→ Stored items:
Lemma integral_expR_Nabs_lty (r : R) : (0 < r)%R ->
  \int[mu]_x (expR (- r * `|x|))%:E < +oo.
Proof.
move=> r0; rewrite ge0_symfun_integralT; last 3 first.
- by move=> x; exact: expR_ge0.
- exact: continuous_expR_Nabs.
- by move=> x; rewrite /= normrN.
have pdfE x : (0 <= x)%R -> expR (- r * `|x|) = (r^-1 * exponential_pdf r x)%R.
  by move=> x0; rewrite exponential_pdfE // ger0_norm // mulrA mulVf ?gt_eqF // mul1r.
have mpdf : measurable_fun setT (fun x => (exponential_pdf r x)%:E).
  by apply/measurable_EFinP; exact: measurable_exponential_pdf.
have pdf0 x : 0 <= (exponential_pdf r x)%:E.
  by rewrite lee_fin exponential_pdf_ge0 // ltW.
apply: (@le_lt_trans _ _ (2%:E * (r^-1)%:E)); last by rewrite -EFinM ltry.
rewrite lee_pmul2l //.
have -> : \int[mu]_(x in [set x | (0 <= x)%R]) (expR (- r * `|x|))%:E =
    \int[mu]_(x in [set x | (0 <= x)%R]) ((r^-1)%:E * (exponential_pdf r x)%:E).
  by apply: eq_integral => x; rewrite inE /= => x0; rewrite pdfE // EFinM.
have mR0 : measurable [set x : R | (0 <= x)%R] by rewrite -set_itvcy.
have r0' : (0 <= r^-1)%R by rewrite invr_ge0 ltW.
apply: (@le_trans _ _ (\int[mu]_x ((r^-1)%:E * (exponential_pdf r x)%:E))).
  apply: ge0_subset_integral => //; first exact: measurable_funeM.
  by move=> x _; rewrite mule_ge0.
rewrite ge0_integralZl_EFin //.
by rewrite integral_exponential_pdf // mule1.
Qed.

--

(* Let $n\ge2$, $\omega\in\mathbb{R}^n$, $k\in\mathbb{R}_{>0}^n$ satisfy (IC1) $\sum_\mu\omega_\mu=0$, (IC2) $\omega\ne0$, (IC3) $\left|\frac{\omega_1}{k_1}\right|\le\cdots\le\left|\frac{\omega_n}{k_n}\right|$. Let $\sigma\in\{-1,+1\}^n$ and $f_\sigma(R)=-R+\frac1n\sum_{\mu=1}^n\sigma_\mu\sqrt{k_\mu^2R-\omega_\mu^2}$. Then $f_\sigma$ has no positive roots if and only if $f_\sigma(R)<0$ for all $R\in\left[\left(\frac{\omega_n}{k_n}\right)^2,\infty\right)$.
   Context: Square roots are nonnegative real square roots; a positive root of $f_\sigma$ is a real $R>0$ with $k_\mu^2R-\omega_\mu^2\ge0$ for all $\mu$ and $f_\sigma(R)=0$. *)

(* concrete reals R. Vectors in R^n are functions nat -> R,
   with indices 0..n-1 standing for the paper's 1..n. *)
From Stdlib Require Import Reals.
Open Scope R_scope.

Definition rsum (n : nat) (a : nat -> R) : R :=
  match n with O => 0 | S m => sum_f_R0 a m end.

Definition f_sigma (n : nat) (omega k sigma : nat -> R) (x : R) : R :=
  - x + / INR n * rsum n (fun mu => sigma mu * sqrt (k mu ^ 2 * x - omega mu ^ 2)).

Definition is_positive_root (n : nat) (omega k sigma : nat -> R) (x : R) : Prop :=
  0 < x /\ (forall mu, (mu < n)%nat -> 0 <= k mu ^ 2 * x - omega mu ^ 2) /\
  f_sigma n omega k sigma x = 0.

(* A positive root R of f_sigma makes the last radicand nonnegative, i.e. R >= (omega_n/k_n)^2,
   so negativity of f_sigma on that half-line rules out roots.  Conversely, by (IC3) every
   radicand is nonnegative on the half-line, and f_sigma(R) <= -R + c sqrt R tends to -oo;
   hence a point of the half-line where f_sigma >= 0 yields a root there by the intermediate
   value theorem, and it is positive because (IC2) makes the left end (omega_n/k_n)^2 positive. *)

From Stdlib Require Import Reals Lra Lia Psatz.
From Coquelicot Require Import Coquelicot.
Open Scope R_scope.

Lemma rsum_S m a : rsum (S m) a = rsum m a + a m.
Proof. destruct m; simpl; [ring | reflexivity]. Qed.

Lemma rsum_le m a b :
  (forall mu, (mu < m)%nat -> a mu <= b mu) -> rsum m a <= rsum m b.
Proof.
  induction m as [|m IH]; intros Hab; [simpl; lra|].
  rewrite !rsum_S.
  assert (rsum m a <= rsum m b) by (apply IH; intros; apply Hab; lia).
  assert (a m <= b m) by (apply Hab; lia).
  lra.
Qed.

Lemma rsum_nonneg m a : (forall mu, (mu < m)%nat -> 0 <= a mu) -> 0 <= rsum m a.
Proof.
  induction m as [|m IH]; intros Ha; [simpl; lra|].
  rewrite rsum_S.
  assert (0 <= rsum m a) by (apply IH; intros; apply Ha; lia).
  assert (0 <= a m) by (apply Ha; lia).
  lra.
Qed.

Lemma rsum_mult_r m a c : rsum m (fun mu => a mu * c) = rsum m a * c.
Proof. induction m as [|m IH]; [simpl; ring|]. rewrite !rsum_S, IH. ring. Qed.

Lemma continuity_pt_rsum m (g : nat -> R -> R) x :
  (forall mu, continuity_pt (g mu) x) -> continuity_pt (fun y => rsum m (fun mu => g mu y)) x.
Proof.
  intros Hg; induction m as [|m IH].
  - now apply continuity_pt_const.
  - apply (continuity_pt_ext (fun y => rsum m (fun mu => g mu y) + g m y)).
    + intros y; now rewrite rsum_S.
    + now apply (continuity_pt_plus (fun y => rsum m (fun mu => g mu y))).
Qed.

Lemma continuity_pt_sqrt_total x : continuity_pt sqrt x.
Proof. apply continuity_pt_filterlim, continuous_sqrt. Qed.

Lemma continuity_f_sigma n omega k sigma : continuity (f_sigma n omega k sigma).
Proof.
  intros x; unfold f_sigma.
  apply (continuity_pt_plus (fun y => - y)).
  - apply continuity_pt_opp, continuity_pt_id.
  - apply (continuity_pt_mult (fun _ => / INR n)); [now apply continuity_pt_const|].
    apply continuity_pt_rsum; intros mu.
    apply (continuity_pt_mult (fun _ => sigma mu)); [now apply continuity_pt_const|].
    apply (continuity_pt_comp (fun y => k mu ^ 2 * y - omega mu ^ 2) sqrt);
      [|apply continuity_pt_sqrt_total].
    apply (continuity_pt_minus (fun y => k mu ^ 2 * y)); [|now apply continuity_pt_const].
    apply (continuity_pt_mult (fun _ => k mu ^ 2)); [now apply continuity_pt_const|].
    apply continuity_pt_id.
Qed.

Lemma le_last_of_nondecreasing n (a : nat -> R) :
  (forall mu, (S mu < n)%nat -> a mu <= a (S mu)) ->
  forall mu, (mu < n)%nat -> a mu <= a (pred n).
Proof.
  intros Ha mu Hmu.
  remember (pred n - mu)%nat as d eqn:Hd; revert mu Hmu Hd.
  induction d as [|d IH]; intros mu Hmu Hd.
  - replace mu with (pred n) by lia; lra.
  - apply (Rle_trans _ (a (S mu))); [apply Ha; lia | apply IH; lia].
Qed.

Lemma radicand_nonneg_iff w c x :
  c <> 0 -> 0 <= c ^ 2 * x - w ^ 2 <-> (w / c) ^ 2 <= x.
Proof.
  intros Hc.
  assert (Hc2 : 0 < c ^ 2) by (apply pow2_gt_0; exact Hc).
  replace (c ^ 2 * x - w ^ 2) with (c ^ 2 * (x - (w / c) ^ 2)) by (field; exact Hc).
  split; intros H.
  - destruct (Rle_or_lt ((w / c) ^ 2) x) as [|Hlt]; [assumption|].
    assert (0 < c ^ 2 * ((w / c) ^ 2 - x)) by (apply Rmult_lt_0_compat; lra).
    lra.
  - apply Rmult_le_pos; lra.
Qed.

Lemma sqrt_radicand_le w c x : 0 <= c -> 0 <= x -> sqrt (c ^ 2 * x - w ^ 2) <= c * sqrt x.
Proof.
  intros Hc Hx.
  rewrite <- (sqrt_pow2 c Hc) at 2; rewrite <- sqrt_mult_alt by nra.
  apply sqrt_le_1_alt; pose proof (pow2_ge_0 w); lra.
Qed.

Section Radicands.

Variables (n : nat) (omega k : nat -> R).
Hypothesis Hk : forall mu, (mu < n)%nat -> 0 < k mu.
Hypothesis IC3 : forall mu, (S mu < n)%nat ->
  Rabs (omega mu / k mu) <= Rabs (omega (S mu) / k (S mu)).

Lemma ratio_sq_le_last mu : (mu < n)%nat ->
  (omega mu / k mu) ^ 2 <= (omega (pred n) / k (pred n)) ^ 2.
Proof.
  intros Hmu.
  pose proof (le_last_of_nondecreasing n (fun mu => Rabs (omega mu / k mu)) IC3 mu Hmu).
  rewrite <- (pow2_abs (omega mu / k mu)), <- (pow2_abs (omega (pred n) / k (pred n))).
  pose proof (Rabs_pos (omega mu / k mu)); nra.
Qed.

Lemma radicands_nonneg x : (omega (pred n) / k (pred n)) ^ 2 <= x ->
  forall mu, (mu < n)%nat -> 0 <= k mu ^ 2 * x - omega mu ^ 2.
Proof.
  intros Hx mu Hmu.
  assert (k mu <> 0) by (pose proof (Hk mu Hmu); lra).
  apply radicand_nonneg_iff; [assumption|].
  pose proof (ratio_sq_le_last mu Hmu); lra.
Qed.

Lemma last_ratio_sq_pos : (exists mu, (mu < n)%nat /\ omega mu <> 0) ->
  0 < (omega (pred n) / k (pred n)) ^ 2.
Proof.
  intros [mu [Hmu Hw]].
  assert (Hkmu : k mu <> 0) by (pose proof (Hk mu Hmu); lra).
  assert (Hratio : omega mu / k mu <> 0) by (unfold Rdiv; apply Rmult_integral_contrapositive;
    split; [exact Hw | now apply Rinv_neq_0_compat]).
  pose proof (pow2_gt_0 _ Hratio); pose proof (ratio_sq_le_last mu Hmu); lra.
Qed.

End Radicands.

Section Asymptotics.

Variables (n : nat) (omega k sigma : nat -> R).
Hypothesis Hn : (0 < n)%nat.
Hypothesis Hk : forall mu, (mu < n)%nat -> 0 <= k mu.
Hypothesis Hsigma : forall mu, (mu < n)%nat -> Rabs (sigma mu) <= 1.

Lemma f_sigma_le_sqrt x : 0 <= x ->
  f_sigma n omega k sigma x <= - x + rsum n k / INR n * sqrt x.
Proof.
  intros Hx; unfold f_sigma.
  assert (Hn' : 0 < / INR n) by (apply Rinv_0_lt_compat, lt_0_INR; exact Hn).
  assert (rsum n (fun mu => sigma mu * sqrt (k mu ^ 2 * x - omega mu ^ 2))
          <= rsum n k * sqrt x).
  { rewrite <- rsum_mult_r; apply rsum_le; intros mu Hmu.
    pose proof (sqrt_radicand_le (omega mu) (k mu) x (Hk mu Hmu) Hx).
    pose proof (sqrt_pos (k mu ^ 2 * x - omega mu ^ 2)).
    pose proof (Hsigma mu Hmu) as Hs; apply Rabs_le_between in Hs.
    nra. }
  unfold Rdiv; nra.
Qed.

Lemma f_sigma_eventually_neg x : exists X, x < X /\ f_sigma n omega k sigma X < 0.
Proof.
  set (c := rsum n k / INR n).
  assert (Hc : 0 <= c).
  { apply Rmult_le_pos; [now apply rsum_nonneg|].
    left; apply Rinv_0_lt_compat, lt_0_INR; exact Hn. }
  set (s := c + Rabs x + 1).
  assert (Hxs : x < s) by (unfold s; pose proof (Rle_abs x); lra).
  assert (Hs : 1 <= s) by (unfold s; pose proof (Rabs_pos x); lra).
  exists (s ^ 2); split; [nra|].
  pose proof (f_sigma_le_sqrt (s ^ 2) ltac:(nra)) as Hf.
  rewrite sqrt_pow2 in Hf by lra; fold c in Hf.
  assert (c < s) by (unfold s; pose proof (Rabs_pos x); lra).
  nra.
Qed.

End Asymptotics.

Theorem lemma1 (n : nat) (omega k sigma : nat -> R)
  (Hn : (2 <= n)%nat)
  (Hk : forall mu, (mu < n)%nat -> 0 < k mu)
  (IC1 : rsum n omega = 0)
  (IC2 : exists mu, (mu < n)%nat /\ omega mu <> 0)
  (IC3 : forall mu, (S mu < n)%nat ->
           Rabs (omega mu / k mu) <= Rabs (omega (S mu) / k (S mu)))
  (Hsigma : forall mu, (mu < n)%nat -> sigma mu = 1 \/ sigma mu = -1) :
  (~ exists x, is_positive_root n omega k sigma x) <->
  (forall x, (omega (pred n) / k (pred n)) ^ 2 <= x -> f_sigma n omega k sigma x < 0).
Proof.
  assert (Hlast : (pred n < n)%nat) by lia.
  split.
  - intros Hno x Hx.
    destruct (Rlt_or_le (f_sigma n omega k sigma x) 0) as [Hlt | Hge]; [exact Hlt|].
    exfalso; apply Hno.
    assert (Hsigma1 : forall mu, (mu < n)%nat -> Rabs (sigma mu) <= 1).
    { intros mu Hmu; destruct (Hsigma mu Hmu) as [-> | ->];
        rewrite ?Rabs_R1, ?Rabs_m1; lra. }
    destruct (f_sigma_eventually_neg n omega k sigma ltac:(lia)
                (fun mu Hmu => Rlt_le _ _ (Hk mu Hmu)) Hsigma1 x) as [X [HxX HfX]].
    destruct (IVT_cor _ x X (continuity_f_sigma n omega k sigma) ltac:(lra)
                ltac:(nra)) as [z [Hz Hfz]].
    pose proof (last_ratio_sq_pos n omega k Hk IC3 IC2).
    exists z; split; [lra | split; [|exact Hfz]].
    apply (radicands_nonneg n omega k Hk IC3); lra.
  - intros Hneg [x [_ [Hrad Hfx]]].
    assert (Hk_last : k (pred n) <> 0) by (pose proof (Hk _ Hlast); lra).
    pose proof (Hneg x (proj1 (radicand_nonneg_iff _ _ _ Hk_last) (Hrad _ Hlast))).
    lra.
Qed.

→ Exercise aim:
Every line with "Variables" in it should be copied from the entries above.

→ Exercise output:
Variables (n : nat) (omega k : nat -> R).
Variables (n : nat) (omega k sigma : nat -> R).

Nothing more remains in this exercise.